Content area
Background: The integration of artificial intelligence (AI) in medicine, particularly through AI-based language models like ChatGPT, offers a promising avenue for enhancing patient education and healthcare delivery. This study aims to evaluate the quality of medical information provided by Chat Generative Pre-trained Transformer (ChatGPT) regarding common orthopedic and trauma surgical procedures, assess its limitations, and explore its potential as a supplementary source for patient education.

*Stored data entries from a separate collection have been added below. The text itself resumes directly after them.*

(* For every integer $n\ge1$, $$\sum_{k=0}^{2n-1}(-1)^k\binom{2n-1}{k}^2H_k=\frac{(-16)^n}{8n\binom{2n}{n}}.$$
   Context: $H_k=\sum_{i=1}^k1/i$ with $H_0=0$. *)

From mathcomp Require Import all_boot all_order all_algebra.
Set Implicit Arguments. Unset Strict Implicit. Unset Printing Implicit Defensive.
Import Order.TTheory GRing.Theory Num.Theory.
Local Open Scope ring_scope.

Definition harmonic (k : nat) : rat := \sum_(1 <= i < k.+1) (i%:R)^-1.

From mathcomp Require Import all_boot all_order all_algebra.
From mathcomp Require Import ring zify.
Set Implicit Arguments.
Unset Strict Implicit.
Unset Printing Implicit Defensive.
Import Order.TTheory GRing.Theory Num.Theory.
Local Open Scope ring_scope.

(* For odd m = 2n - 1 we evaluate S = sum_k (-1)^k C(m,k)^2 H_k through the
   polynomial F_m = (1 + X)^m L_m, where L_m = sum_(1 <= j <= m)
   (-1)^(j-1) X^j / j is the truncated series of log (1 + X).
   1. F_m solves (1 + X) F_m' = m F_m + (1 + X)^m (1 - (-X)^m); comparing
      coefficients gives [X^k] F_m = C(m,k) (H_m - H_(m-k)) for k <= m.
   2. For odd m the reflection k -> m - k flips the sign of (-1)^k C(m,k), so
      sum_k (-1)^k C(m,k)^2 = 0 and S = sum_k (-1)^k C(m,k) [X^k] F_m, which is
      - [X^m] ((1 - X)^m F_m) = - [X^m] ((1 - X^2)^m L_m).
   3. That coefficient is sum_(2l <= m) (-1)^l C(m,l) / (m - 2l), half of the
      full alternating sum by reflection again; the full sum is given by the
      partial fraction identity
         sum_j (-1)^j C(m,j) / (a + j) = m! / (a (a + 1) ... (a + m))
      at a = -m/2.
   4. The centered product prod_(i <= m) (i - m/2) has a closed form in
      factorials, which turns m! / (4 prod) into (-16)^n / (8 n C(2n,n)). *)

Lemma coef_linear_pow (R : comNzRingType) (c : R) (m i : nat) :
  ((c *: 'X + 1) ^+ m)`_i = c ^+ i *+ 'C(m, i).
Proof.
elim: m i => [|m IH] [|i]; rewrite ?expr0 ?coef1 //.
- by rewrite exprS mulrDl mul1r coefD -scalerAl coefZ coefXM /= mulr0 add0r IH !bin0.
- rewrite exprS mulrDl mul1r coefD -scalerAl coefZ coefXM /= !IH binS mulrnDr.
  by rewrite addrC exprS mulrnAr.
Qed.

Lemma coef_XD1_pow (R : comNzRingType) (m i : nat) :
  (('X + 1 : {poly R}) ^+ m)`_i = 'C(m, i)%:R.
Proof. by have := coef_linear_pow (1 : R) m i; rewrite scale1r expr1n. Qed.

Lemma coef_1BX_pow (R : comNzRingType) (m i : nat) :
  ((1 - 'X : {poly R}) ^+ m)`_i = (-1) ^+ i * 'C(m, i)%:R.
Proof. by rewrite addrC -scaleN1r coef_linear_pow mulr_natr. Qed.

Lemma mulXD1_alt_geometric (R : comNzRingType) (m : nat) :
  ('X + 1) * \poly_(i < m) (-1) ^+ i = 1 - (- 'X) ^+ m :> {poly R}.
Proof.
have -> : \poly_(i < m) (-1) ^+ i = \sum_(i < m) (- 'X) ^+ i :> {poly R}.
  by rewrite poly_def; apply: eq_bigr => i _; rewrite -scaleN1r exprZn.
by apply: oppr_inj; rewrite opprB subrX1; ring.
Qed.

Definition logTrunc (m : nat) : {poly rat} :=
  \poly_(j < m.+1) (if j == 0%N then 0 else (-1) ^+ j.-1 / j%:R).

Lemma deriv_logTrunc (m : nat) : (logTrunc m)^`() = \poly_(i < m) (-1) ^+ i.
Proof.
apply/polyP => i; rewrite coef_deriv !coef_poly ltnS.
case: ifP => _; last by rewrite mul0rn.
by rewrite /= -[_ *+ i.+1]mulr_natr divfK // pnatr_eq0.
Qed.

Definition binLog (m : nat) : {poly rat} := ('X + 1) ^+ m * logTrunc m.

Lemma binLog_ode (m : nat) :
  ('X + 1) * (binLog m)^`() = binLog m *+ m + ('X + 1) ^+ m * (1 - (- 'X) ^+ m).
Proof.
rewrite /binLog derivM deriv_exp derivD derivX derivC addr0 mul1r deriv_logTrunc.
rewrite -mulXD1_alt_geometric.
case: m => [|m] /=; first by rewrite !mulr0n; ring.
by rewrite exprS; ring.
Qed.

Lemma coef_binLog_rec (m k : nat) : (k < m)%N ->
  (binLog m)`_k.+1 * k.+1%:R = (binLog m)`_k * (m - k)%:R + 'C(m, k)%:R.
Proof.
move=> lt_km.
have := congr1 (fun p : {poly rat} => p`_k) (binLog_ode m).
rewrite mulrDl mul1r coefD coefXM !coef_deriv coefD coefMn mulrBr mulr1 coefB.
rewrite exprNn mulrA coefMXn lt_km subr0 coef_XD1_pow.
have -> : (if k == 0%N then 0 else (binLog m)`_k.-1.+1 *+ k.-1.+1)
    = (binLog m)`_k *+ k by case: k lt_km.
rewrite -[_ *+ k]mulr_natr -[_ *+ k.+1]mulr_natr -[_ *+ m]mulr_natr natrB 1?ltnW //.
move: ((binLog m)`_k) ((binLog m)`_k.+1) => a b ode_k.
by rewrite mulrBr addrAC -ode_k; ring.
Qed.

Lemma harmonicS (k : nat) : harmonic k.+1 = harmonic k + k.+1%:R^-1.
Proof. by rewrite /harmonic big_nat_recr. Qed.

Lemma coef_binLog (m k : nat) : (k <= m)%N ->
  (binLog m)`_k = 'C(m, k)%:R * (harmonic m - harmonic (m - k)).
Proof.
elim: k => [|k IH] le_km.
  by rewrite subn0 subrr mulr0 /binLog coefM big_ord1 /logTrunc coef_poly /= mulr0.
have lt_km : (k < m)%N by [].
have nz_k1 : k.+1%:R != 0 :> rat by rewrite pnatr_eq0.
have nz_mk : (m - k)%:R != 0 :> rat by rewrite pnatr_eq0 subn_eq0 -ltnNge.
have harm_mk : harmonic (m - k) = harmonic (m - k.+1) + (m - k)%:R^-1.
  by rewrite -(subnSK lt_km) harmonicS.
have bin_rec : 'C(m, k.+1)%:R * k.+1%:R = 'C(m, k)%:R * (m - k)%:R :> rat.
  by rewrite -!natrM mulnC mul_bin_left mulnC.
apply: (mulIf nz_k1); rewrite coef_binLog_rec // IH 1?ltnW // harm_mk.
by rewrite [RHS]mulrAC bin_rec; field; exact: nz_mk.
Qed.

Lemma alt_binomial_pascal (R : pzRingType) (g : nat -> R) (m : nat) :
  \sum_(0 <= j < m.+2) (-1) ^+ j * 'C(m.+1, j)%:R * g j
  = \sum_(0 <= j < m.+1) (-1) ^+ j * 'C(m, j)%:R * (g j - g j.+1).
Proof.
under [RHS]eq_bigr do rewrite mulrBr.
rewrite sumrB big_nat_recl // [X in _ = X - _]big_nat_recl //.
under eq_bigr do rewrite binS natrD mulrDr mulrDl.
rewrite big_split /= big_nat_recr //= (bin_small (ltnSn m)) mulr0 mul0r addr0.
rewrite !bin0 addrA; congr (_ + _).
by rewrite -sumrN; apply: eq_bigr => i _; rewrite exprS mulN1r !mulNr.
Qed.

Lemma prod_shift_neq0 (F : fieldType) (a : F) (n : nat) :
  (forall i, (i < n)%N -> a + i%:R != 0) -> \prod_(0 <= i < n) (a + i%:R) != 0.
Proof.
move=> nz; rewrite prodf_seq_neq0; apply/allP => i.
by rewrite mem_index_iota => /andP[_ lt_in]; exact: nz.
Qed.

Lemma alt_binomial_partial_fractions (F : fieldType) (m : nat) (a : F) :
  (forall i, (i <= m)%N -> a + i%:R != 0) ->
  \sum_(0 <= j < m.+1) (-1) ^+ j * 'C(m, j)%:R / (a + j%:R)
  = m`!%:R / \prod_(0 <= i < m.+1) (a + i%:R).
Proof.
elim: m a => [|m IH] a nz; first by rewrite !big_nat1 expr0 mul1r bin0 fact0.
have shift i : a + 1 + i%:R = a + i.+1%:R by rewrite -addrA (addrC 1) natr1.
have nz_shift i : (i <= m)%N -> a + 1 + i%:R != 0.
  by move=> le_im; rewrite shift; exact: nz.
rewrite alt_binomial_pascal (eq_bigr _ (fun j _ => mulrBr _ _ _)) sumrB.
under [X in _ - X]eq_bigr do rewrite -shift.
rewrite (IH a (fun i le_im => nz i (leqW le_im))) (IH (a + 1) nz_shift).
have nz_a : a != 0 by have := nz 0%N isT; rewrite addr0.
have nz_last : a + m.+1%:R != 0 by exact: nz.
have nz_prod : \prod_(0 <= i < m.+1) (a + i%:R) != 0.
  by apply: prod_shift_neq0 => i lt_im; exact: nz (ltnW lt_im).
have prod_shifted : \prod_(0 <= i < m.+1) (a + 1 + i%:R)
    = \prod_(0 <= i < m.+1) (a + i%:R) * (a + m.+1%:R) / a.
  rewrite -big_nat_recr //= [X in _ = X / _]big_nat_recl // addr0.
  by rewrite [a * _]mulrC mulfK //; apply: eq_bigr => i _; rewrite shift.
rewrite prod_shifted [X in _ = _ / X]big_nat_recr //= factS natrM; field.
by rewrite (addrC 1) natr1 nz_last nz_prod nz_a.
Qed.

Lemma centered_prod_rec (R : numFieldType) (p : nat) :
  \prod_(0 <= i < (2 * p.+1).+2) (- ((2 * p.+1).+1%:R / 2) + i%:R : R)
  = - (((2 * p.+1).+1%:R / 2) ^+ 2)
    * \prod_(0 <= i < (2 * p).+2) (- ((2 * p).+1%:R / 2) + i%:R).
Proof.
have -> : (2 * p.+1).+2 = ((2 * p).+2).+2 by lia.
rewrite big_nat_recl // big_nat_recr //= addr0.
have -> : (2 * p.+1).+1 = ((2 * p).+1).+2 by lia.
rewrite (eq_bigr (fun i : nat => - ((2 * p).+1%:R / 2) + i%:R)); first by field.
by move=> i _; rewrite -[(2 * p).+3]addn2 -addn1 !natrD; field.
Qed.

Lemma centered_prod (R : numFieldType) (p : nat) :
  \prod_(0 <= i < (2 * p).+2) (- ((2 * p).+1%:R / 2) + i%:R : R)
  = (-1) ^+ p.+1 * ((2 * p).+2)`!%:R ^+ 2 / (16 ^+ p.+1 * (p.+1)`!%:R ^+ 2).
Proof.
elim: p => [|p IH].
  rewrite muln0 big_nat_recr // big_nat1 (_ : 2`! = 2)%N // (_ : 1`! = 1)%N //=.
  by field.
rewrite centered_prod_rec IH.
have -> : (2 * p.+1).+2 = ((2 * p).+2).+2 by lia.
have -> : (2 * p.+1).+1 = (2 * p).+3 by lia.
have : (p.+1)`!%:R != 0 :> R by rewrite pnatr_eq0 -lt0n fact_gt0.
rewrite (factS (2 * p).+3) (factS (2 * p).+2) (factS p.+1).
move: ((2 * p).+2)`! (p.+1)`! => F G nz_G.
rewrite (_ : (2 * p).+4 = 2 * p.+2)%N; last by lia.
rewrite !natrM (exprS _ p.+1) (exprS _ p.+1); field.
by rewrite nz_G -natrD pnatr_eq0 expf_neq0 // pnatr_eq0.
Qed.

Lemma central_binomial_fact (n : nat) : ('C(2 * n, n) * (n`! * n`!) = (2 * n)`!)%N.
Proof.
have le_n2n : (n <= 2 * n)%N by lia.
have sub_n : (2 * n - n = n)%N by lia.
by have := bin_fact le_n2n; rewrite sub_n.
Qed.

Lemma fact_over_centered_prod (p : nat) :
  ((2 * p).+1)`!%:R / \prod_(0 <= i < (2 * p).+2) (- ((2 * p).+1%:R / 2) + i%:R) / 4
  = ((-16) ^+ p.+1 : rat) / (8 * p.+1%:R * 'C(2 * p.+1, p.+1)%:R).
Proof.
rewrite centered_prod.
have -> : (2 * p).+2 = (2 * p.+1)%N by lia.
have nz_fact k : k`!%:R != 0 :> rat by rewrite pnatr_eq0 -lt0n fact_gt0.
have fact_2n : (2 * p.+1)`! = (2 * p.+1 * ((2 * p).+1)`!)%N.
  by rewrite (_ : 2 * p.+1 = (2 * p).+2)%N //; lia.
have binE : 'C(2 * p.+1, p.+1)%:R = (2 * p.+1)`!%:R / (p.+1)`!%:R ^+ 2 :> rat.
  by rewrite -central_binomial_fact natrM natrM -expr2 mulfK // expf_neq0.
have neg16 : (-16 : rat) ^+ p.+1 = (-1) ^+ p.+1 * 16 ^+ p.+1.
  by rewrite -exprMn mulN1r.
rewrite binE fact_2n neg16 natrM (natrM _ 2).
have nz_16 : 16 ^+ p.+1 != 0 :> rat by rewrite expf_neq0.
have nz_n : 1 + p%:R != 0 :> rat by rewrite addrC natr1 pnatr_eq0.
move: (nz_fact (2 * p).+1) (nz_fact p.+1) nz_16.
move: ((2 * p).+1)`!%:R (p.+1)`!%:R (16 ^+ p.+1) => F G c nz_F nz_G nz_c.
by rewrite -signr_odd; case: (odd p.+1); rewrite ?expr0 ?expr1; field;
  rewrite nz_G nz_F nz_n nz_c.
Qed.

Section OddDegree.

Variable m : nat.
Hypothesis m_odd : odd m.

Lemma sign_reflect (R : pzRingType) (k : nat) : (k <= m)%N ->
  (-1) ^+ (m - k) = - (-1) ^+ k :> R.
Proof.
move=> le_km; rewrite -signr_odd oddB // m_odd -[in RHS]signr_odd.
by case: (odd k); rewrite ?expr0 ?expr1 ?opprK.
Qed.

Lemma alt_binomial_reflect (R : pzRingType) (G : nat -> R) :
  \sum_(0 <= k < m.+1) (-1) ^+ k * 'C(m, k)%:R * G k
  = - \sum_(0 <= k < m.+1) (-1) ^+ k * 'C(m, k)%:R * G (m - k)%N.
Proof.
rewrite big_nat_rev add0n -sumrN; apply: eq_big_nat => k /andP[_ lt_km].
by rewrite subSS bin_sub // sign_reflect // !mulNr.
Qed.

Lemma alt_binomial_sq_sum :
  \sum_(0 <= k < m.+1) (-1) ^+ k * 'C(m, k)%:R ^+ 2 = 0 :> rat.
Proof.
set s := LHS; have s_opp : s = - s.
  rewrite {1}/s; under eq_bigr do rewrite expr2 mulrA.
  rewrite alt_binomial_reflect; congr (- _); apply: eq_big_nat => k /andP[_ lt_km].
  by rewrite bin_sub // expr2 mulrA.
by apply/eqP; move/eqP: s_opp; rewrite -addr_eq0 -mulr2n mulrn_eq0.
Qed.

Lemma alt_sum_coef_binLog :
  \sum_(0 <= k < m.+1) (-1) ^+ k * 'C(m, k)%:R * (binLog m)`_k
  = \sum_(0 <= k < m.+1) (-1) ^+ k * 'C(m, k)%:R ^+ 2 * harmonic k.
Proof.
have split_term k : (k < m.+1)%N -> (-1) ^+ k * 'C(m, k)%:R * (binLog m)`_k
    = (-1) ^+ k * 'C(m, k)%:R ^+ 2 * harmonic m
      - (-1) ^+ k * 'C(m, k)%:R * ('C(m, k)%:R * harmonic (m - k)).
  by move=> le_km; rewrite coef_binLog //; ring.
rewrite (eq_big_nat _ _ (fun k kP => split_term k (andP kP).2)).
rewrite sumrB -mulr_suml alt_binomial_sq_sum mul0r sub0r.
rewrite alt_binomial_reflect opprK; apply: eq_big_nat => k /andP[_ lt_km].
by rewrite subKn // bin_sub //; ring.
Qed.

Lemma coef_1BX_binLog :
  ((1 - 'X) ^+ m * binLog m)`_m
  = - \sum_(0 <= k < m.+1) (-1) ^+ k * 'C(m, k)%:R * (binLog m)`_k.
Proof.
rewrite (alt_binomial_reflect (fun k => (binLog m)`_k)) opprK coefM big_mkord.
by apply: eq_bigr => k _; rewrite coef_1BX_pow.
Qed.

Lemma coef_logTrunc_odd (l : nat) : (2 * l <= m)%N ->
  (logTrunc m)`_(m - 2 * l) = (m%:R - 2 * l%:R)^-1.
Proof.
move=> le_2lm; rewrite -natrM -natrB //.
have : odd (m - 2 * l) by rewrite oddB // m_odd mul2n odd_double.
move: (m - 2 * l)%N (leq_subr (2 * l) m) => [|d] // le_dm /= even_d.
by rewrite /logTrunc coef_poly ltnS le_dm /= -signr_odd (negbTE even_d) mul1r.
Qed.

(* Since (1 - X)^m F_m = (1 - X^2)^m L_m, its middle coefficient only sees the
   terms l with 2l <= m. *)
Lemma coef_1BX_binLog_half :
  ((1 - 'X) ^+ m * binLog m)`_m = \sum_(0 <= l < m.+1)
    (-1) ^+ l * 'C(m, l)%:R * (if (m < 2 * l)%N then 0 else (m%:R - 2 * l%:R)^-1).
Proof.
have -> : (1 - 'X) ^+ m * binLog m = ((-1) *: 'X ^+ 2 + 1) ^+ m * logTrunc m.
  by rewrite /binLog mulrA -exprMn scaleN1r; congr (_ ^+ _ * _); ring.
rewrite exprD1n mulr_suml coef_sum big_mkord; apply: eq_bigr => l _.
rewrite exprZn -exprM mulrnAl coefMn -scalerAl coefZ coefXnM.
case: ltnP => [_|le_2lm]; first by rewrite !mulr0 mul0rn.
by rewrite coef_logTrunc_odd // -mulr_natr; ring.
Qed.

(* The terms with 2l > m mirror those with 2l < m, so the restricted sum is
   half of the full one. *)
Lemma alt_sum_half :
  \sum_(0 <= l < m.+1) (-1) ^+ l * 'C(m, l)%:R * (m%:R - 2 * l%:R)^-1
  = 2 * \sum_(0 <= l < m.+1)
    (-1) ^+ l * 'C(m, l)%:R * (if (m < 2 * l)%N then 0 else (m%:R - 2 * l%:R)^-1)
  :> rat.
Proof.
have [p m_def] : exists p, m = (2 * p).+1.
  by exists m./2; rewrite -[LHS]odd_double_half m_odd mul2n.
pose up (l : nat) : rat := if (m < 2 * l)%N then (m%:R - 2 * l%:R)^-1 else 0.
have up_reflect l : (l <= m)%N ->
    up (m - l)%N = - (if (m < 2 * l)%N then 0 else (m%:R - 2 * l%:R)^-1).
  move=> le_lm; rewrite /up natrB // (_ : (m < 2 * (m - l)) = ~~ (m < 2 * l))%N.
    by case: ltnP => //= _; rewrite ?oppr0 // -invrN; congr (_^-1); ring.
  by rewrite -leqNgt; apply/idP/idP; lia.
have up_sum : \sum_(0 <= l < m.+1) (-1) ^+ l * 'C(m, l)%:R * up l
    = \sum_(0 <= l < m.+1) (-1) ^+ l * 'C(m, l)%:R *
      (if (m < 2 * l)%N then 0 else (m%:R - 2 * l%:R)^-1).
  rewrite alt_binomial_reflect -sumrN; apply: eq_big_nat => l /andP[_ lt_lm].
  by rewrite up_reflect // mulrN opprK.
transitivity (\sum_(0 <= l < m.+1) (-1) ^+ l * 'C(m, l)%:R *
      (if (m < 2 * l)%N then 0 else (m%:R - 2 * l%:R)^-1)
    + \sum_(0 <= l < m.+1) (-1) ^+ l * 'C(m, l)%:R * up l).
  rewrite -big_split; apply: eq_bigr => l _.
  by rewrite /= -mulrDr /up; case: ifP; rewrite ?add0r ?addr0.
by rewrite up_sum -mulr2n mulr_natl.
Qed.

Lemma odd_sub_double_neq0 (l : nat) : m%:R - 2 * l%:R != 0 :> rat.
Proof.
rewrite subr_eq0 -natrM eqr_nat; apply: contraTneq m_odd => ->.
by rewrite mul2n odd_double.
Qed.

Lemma centered_neq0 (i : nat) : - (m%:R / 2) + i%:R != 0 :> rat.
Proof.
have -> : - (m%:R / 2) + i%:R = - (m%:R - 2 * i%:R) / 2 :> rat by field.
by rewrite mulf_neq0 ?oppr_eq0 ?odd_sub_double_neq0.
Qed.

(* The full sum, by partial fractions at a = -m/2. *)
Lemma alt_sum_inv_centered :
  \sum_(0 <= l < m.+1) (-1) ^+ l * 'C(m, l)%:R * (m%:R - 2 * l%:R)^-1
  = - (m`!%:R / \prod_(0 <= i < m.+1) (- (m%:R / 2) + i%:R)) / 2 :> rat.
Proof.
have centered l : - (m%:R / 2) + l%:R = - (m%:R - 2 * l%:R) / 2 :> rat by field.
rewrite -(alt_binomial_partial_fractions (fun i _ => centered_neq0 i)).
rewrite mulNr mulr_suml -sumrN; apply: eq_bigr => l _.
by rewrite centered; field; rewrite odd_sub_double_neq0.
Qed.

Lemma alt_harmonic_sum_closed :
  \sum_(0 <= k < m.+1) (-1) ^+ k * 'C(m, k)%:R ^+ 2 * harmonic k
  = m`!%:R / \prod_(0 <= i < m.+1) (- (m%:R / 2) + i%:R) / 4.
Proof.
rewrite -alt_sum_coef_binLog; apply: oppr_inj.
rewrite -coef_1BX_binLog coef_1BX_binLog_half.
apply: (@mulfI _ 2) => //; rewrite -alt_sum_half alt_sum_inv_centered; field.
by apply: prod_shift_neq0 => i _; exact: centered_neq0.
Qed.

End OddDegree.

Theorem mainTheorem9 (n : nat) (hn : (1 <= n)%N) :
  \sum_(0 <= k < (2 * n - 1).+1)
     (-1) ^+ k * ('C(2 * n - 1, k)%:R) ^+ 2 * harmonic k
  = ((-16) ^+ n : rat) / (8 * n%:R * ('C(2 * n, n))%:R).
Proof.
case: n hn => [//|p] _.
have -> : (2 * p.+1 - 1 = (2 * p).+1)%N by lia.
have odd_m : odd (2 * p).+1 by rewrite /= mul2n odd_double.
by rewrite alt_harmonic_sum_closed // fact_over_centered_prod.
Qed.
Lemma equiv_shift_length {lam mu k lam' mu' k' p p' l l'} {phi : SQ l -> SQ l'} :
  (0 < l)%N -> (0 < l')%N -> SQ_equiv lam mu k p lam' mu' k' p' phi ->
  mu - lam - k = mu' - lam' - k' /\ l = l'.
Proof.
move=> l_gt0 l'_gt0 equiv_phi; have [psi equiv_psi] := SQ_equiv_inv equiv_phi.
set c := mu - lam - k; set c' := mu' - lam' - k'.
have [min_c max_c] := kerdx_eigenvalue_extremes lam mu k p l_gt0.
have [min_c' max_c'] := kerdx_eigenvalue_extremes lam' mu' k' p' l'_gt0.
have [x _ cx] := kerdx_eigenvalueP (equiv_kerdx_eigenvalue equiv_phi min_c).
have [y _ cy] := kerdx_eigenvalueP (equiv_kerdx_eigenvalue equiv_psi min_c').
rewrite -/c -/c' in cx cy.
have c_eq : c = c'.
  have : ((y + x)%N%:R : CC) / 2%:R = 0.
    by rewrite natrD mulrDl; apply: (addrI c); rewrite addr0 addrA -cy -cx.
  move/eqP; rewrite mulf_eq0 invr_eq0 !pnatr_eq0 orbF addn_eq0 => /andP[_ /eqP x0].
  by rewrite cx x0 mul0r addr0.
split=> //.
have [m m_le cm] := kerdx_eigenvalueP (equiv_kerdx_eigenvalue equiv_phi max_c).
have [m' m'_le cm'] := kerdx_eigenvalueP (equiv_kerdx_eigenvalue equiv_psi max_c').
rewrite -/c -/c' -c_eq in cm cm'.
by move: (addr_half_natr_inj cm) (addr_half_natr_inj cm'); lia.
Qed.

Theorem lemma2p3 (lam mu lam' mu' k k' : CC) (p p' : bool) (l l' : nat) :
  (0 < l)%N -> (0 < l')%N ->
  forall phi : SQ l -> SQ l',
  SQ_equiv lam mu k p lam' mu' k' p' phi ->
  [/\ l = l', (mu - lam) - k = (mu' - lam') - k' &
      (if p == p' then even_map p p' phi else odd_map p p' phi)].
Proof.
move=> l_gt0 l'_gt0 phi equiv_phi.
have [c_eq l_eq] := equiv_shift_length l_gt0 l'_gt0 equiv_phi.
have hom := equiv_homogeneous equiv_phi c_eq.
split=> //; case: eqP => [<-|/eqP p_neq] T.
- by split=> [/sq_even_homogeneous|/sq_odd_homogeneous] /hom;
    rewrite ?sq_even_homogeneous ?sq_odd_homogeneous.
- have p'E : p' = ~~ p by case: p p' {equiv_phi} p_neq => [] [].
  rewrite p'E; split=> [/sq_even_homogeneous|/sq_odd_homogeneous] /hom;
    by rewrite ?sq_even_homogeneous ?sq_odd_homogeneous ?negbK.
Qed.
(* Let $X$ be a Hausdorff space and $D\subseteq X$ a dense subset. If $D^{\mathfrak c}$ is relatively countably compact in $X^{\mathfrak c}$, then $[D]^{<\omega}\setminus\{\emptyset\}$ is relatively countably compact in $\operatorname{CL}(X)$ and $\operatorname{CL}(X)$ is pseudocompact.
   Context: A subset $Y$ of a space $Z$ is relatively countably compact in $Z$ if every countably infinite subset of $Y$ has an accumulation point in $Z$. $[D]^{<\omega}$ is the set of finite subsets of $D$ (nonempty finite subsets of a $T_1$ space are closed, hence points of $\operatorname{CL}(X)$). $\operatorname{CL}(X)$ is the set of nonempty closed subsets of $X$ with the Vietoris topology, generated by $A^+=\{F:F\subseteq A\}$ and $A^-=\{F:F\cap A\ne\emptyset\}$ for open $A\subseteq X$. Powers carry the product topology. Pseudocompact means every continuous real-valued function is bounded. *)

From HB Require Import structures.
From mathcomp Require Import all_boot all_order all_algebra.
From mathcomp Require Import all_classical all_reals all_analysis.
From mathcomp Require Import Rstruct Rstruct_topology.
Set Implicit Arguments. Unset Strict Implicit. Unset Printing Implicit Defensive.
Import Order.TTheory GRing.Theory Num.Theory.
Local Open Scope classical_set_scope.
Local Open Scope ring_scope.

Definition rel_countably_compact (T : topologicalType) (Y : set T) : Prop :=
  forall Z : set T, Z `<=` Y -> (Z #= [set: nat])%card ->
    exists x : T, limit_point Z x.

Methods: Using the GPT-3.5-Turbo version of ChatGPT, simulated patient information was generated for 20 orthopedic and trauma surgical procedures. The study utilized standardized information forms as a reference for evaluating ChatGPT's responses. The accuracy and quality of the provided information were assessed using a modified DISCERN instrument, and a global medical assessment was conducted to categorize the information's usefulness and reliability.
Results: ChatGPT mentioned an average of 47% of relevant keywords across procedures, with a variance in the mention rate between 30.5% and 68.6%. The average modified DISCERN (mDISCERN) score was 2.4 out of 5, indicating a moderate to low quality of information. None of the ChatGPT-generated fact sheets were rated as "very useful," with 45% deemed "somewhat useful," 35% "not useful," and 20% classified as "dangerous." A positive correlation was found between higher mDISCERN scores and better physician ratings, suggesting that information quality directly impacts perceived utility.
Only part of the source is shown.